» **Records for processing**:
────────────────────
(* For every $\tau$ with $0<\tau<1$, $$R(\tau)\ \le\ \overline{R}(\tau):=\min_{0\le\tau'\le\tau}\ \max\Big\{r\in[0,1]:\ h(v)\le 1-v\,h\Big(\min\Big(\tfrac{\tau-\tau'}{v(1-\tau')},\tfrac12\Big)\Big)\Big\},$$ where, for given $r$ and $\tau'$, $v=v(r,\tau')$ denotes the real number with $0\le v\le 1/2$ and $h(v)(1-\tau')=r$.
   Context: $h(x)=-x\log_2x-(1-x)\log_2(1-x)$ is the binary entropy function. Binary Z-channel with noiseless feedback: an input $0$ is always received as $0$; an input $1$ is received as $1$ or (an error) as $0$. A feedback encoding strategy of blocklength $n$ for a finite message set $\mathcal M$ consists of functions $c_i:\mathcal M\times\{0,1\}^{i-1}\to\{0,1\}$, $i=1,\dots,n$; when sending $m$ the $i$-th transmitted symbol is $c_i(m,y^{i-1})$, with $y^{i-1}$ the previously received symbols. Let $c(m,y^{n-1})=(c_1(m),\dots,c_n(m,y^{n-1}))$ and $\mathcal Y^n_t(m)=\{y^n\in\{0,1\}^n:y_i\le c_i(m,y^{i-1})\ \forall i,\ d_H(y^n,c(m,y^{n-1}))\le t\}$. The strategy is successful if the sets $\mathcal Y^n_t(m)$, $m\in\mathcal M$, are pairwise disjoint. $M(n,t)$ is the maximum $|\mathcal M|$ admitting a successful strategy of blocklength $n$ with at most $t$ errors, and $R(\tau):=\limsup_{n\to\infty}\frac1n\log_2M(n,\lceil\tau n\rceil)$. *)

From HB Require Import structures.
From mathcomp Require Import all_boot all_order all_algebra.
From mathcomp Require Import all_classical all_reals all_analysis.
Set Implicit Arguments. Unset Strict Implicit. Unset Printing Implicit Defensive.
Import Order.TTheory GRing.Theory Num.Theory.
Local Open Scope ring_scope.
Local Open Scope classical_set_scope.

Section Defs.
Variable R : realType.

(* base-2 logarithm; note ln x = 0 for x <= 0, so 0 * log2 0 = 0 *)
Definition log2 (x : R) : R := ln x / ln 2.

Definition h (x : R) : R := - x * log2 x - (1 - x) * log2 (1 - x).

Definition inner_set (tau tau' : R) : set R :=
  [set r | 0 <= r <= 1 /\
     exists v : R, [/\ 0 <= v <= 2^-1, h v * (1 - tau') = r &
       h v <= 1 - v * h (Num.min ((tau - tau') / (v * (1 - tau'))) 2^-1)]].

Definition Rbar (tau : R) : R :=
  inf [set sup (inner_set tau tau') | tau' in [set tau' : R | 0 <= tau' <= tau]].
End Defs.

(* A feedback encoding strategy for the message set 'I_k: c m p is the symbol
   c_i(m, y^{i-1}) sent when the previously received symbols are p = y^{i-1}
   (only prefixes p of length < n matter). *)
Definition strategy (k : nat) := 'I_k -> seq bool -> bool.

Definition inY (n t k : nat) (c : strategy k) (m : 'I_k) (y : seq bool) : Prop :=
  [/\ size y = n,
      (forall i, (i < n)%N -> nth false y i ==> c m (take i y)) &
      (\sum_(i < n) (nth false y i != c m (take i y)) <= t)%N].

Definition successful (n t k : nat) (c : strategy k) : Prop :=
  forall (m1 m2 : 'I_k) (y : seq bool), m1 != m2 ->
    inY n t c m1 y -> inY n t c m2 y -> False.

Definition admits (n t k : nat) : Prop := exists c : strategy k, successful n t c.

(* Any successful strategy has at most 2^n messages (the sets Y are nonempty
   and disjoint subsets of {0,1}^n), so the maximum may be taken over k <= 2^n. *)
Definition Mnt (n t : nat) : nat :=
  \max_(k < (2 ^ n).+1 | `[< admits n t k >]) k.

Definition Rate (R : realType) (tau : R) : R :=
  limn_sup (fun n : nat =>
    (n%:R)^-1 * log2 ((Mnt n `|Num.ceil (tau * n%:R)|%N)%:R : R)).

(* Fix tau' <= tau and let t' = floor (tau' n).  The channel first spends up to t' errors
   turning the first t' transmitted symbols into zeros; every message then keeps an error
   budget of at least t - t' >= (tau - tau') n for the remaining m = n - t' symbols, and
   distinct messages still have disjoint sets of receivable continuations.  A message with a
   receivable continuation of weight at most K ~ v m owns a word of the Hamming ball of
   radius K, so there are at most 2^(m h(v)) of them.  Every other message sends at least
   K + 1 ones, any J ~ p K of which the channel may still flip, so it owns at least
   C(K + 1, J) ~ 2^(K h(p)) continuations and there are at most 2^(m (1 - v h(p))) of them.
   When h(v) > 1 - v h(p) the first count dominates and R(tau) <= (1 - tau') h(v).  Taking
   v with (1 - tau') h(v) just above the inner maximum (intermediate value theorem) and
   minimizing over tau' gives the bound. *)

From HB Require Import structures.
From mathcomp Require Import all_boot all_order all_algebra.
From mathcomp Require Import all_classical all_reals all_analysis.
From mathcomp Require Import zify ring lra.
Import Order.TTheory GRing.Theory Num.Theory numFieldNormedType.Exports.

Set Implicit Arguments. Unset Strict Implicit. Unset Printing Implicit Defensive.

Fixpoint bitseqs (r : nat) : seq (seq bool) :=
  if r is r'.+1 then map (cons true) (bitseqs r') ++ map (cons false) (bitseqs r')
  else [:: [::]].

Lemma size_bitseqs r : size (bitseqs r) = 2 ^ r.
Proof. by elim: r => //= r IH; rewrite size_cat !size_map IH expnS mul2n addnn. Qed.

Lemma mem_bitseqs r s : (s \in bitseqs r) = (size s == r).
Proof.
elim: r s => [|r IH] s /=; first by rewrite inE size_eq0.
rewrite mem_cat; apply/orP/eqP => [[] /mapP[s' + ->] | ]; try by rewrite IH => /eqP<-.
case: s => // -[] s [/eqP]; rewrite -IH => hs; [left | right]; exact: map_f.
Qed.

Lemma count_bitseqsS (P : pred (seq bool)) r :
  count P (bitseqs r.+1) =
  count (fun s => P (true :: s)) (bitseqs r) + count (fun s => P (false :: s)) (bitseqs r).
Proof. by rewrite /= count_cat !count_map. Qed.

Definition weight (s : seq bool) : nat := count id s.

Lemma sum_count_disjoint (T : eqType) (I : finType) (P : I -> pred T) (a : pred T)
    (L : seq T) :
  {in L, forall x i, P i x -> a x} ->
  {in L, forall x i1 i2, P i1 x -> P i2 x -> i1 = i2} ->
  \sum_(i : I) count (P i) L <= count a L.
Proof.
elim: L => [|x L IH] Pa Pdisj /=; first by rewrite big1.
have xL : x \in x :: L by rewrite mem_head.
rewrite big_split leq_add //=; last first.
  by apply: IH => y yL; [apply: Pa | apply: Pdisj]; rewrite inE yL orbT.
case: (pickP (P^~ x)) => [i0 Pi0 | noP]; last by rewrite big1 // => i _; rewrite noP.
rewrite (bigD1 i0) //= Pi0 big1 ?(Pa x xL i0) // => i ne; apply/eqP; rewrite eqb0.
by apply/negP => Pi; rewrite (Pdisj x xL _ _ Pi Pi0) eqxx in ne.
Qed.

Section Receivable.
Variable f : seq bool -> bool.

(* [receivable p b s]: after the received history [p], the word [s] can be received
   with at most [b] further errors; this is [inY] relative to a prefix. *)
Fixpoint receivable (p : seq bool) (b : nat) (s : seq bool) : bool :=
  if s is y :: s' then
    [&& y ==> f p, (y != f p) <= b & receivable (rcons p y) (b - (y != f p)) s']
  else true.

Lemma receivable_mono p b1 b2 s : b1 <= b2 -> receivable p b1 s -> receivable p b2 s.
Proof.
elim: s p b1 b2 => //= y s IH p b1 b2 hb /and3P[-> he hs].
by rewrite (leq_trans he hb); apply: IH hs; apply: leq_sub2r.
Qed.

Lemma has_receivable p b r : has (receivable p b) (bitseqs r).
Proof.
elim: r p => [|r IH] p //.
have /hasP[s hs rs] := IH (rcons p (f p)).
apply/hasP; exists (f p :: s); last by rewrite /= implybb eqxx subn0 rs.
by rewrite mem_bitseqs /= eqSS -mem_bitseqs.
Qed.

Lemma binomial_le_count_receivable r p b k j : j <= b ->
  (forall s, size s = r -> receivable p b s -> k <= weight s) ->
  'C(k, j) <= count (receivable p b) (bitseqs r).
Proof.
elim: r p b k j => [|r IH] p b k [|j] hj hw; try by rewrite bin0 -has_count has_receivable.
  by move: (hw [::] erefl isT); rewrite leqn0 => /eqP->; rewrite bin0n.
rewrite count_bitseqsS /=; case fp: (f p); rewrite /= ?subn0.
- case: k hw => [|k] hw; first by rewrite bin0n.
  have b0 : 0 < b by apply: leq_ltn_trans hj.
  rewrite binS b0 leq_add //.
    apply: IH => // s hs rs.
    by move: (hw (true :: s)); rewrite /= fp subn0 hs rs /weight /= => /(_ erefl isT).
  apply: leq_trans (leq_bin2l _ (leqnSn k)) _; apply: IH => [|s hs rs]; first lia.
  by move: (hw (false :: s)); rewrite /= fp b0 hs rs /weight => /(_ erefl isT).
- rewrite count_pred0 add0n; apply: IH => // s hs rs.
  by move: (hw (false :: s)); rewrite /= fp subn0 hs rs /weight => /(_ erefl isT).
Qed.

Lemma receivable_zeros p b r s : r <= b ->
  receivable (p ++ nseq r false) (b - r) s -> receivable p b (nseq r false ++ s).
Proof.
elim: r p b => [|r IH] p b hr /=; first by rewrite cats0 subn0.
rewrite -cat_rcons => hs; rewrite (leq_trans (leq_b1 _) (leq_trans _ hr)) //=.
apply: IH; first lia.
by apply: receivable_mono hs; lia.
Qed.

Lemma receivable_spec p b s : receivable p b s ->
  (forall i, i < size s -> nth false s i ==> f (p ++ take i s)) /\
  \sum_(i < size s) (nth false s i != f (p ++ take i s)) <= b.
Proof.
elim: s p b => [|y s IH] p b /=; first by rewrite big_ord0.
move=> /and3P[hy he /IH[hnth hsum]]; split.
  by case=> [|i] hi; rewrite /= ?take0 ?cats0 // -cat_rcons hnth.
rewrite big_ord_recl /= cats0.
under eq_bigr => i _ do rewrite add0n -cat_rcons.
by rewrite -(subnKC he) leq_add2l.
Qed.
────────────────────
» **What is required**: Output the lines above exactly, but only those between the line holding "(* [receivable p" and the line holding "have /hasP[s hs rs] := IH (rcons p (f p)).", inclusive.

» **Exercise result**:
(* [receivable p b s]: after the received history [p], the word [s] can be received
   with at most [b] further errors; this is [inY] relative to a prefix. *)
Fixpoint receivable (p : seq bool) (b : nat) (s : seq bool) : bool :=
  if s is y :: s' then
    [&& y ==> f p, (y != f p) <= b & receivable (rcons p y) (b - (y != f p)) s']
  else true.

Lemma receivable_mono p b1 b2 s : b1 <= b2 -> receivable p b1 s -> receivable p b2 s.
Proof.
elim: s p b1 b2 => //= y s IH p b1 b2 hb /and3P[-> he hs].
by rewrite (leq_trans he hb); apply: IH hs; apply: leq_sub2r.
Qed.

Lemma has_receivable p b r : has (receivable p b) (bitseqs r).
Proof.
elim: r p => [|r IH] p //.
have /hasP[s hs rs] := IH (rcons p (f p)).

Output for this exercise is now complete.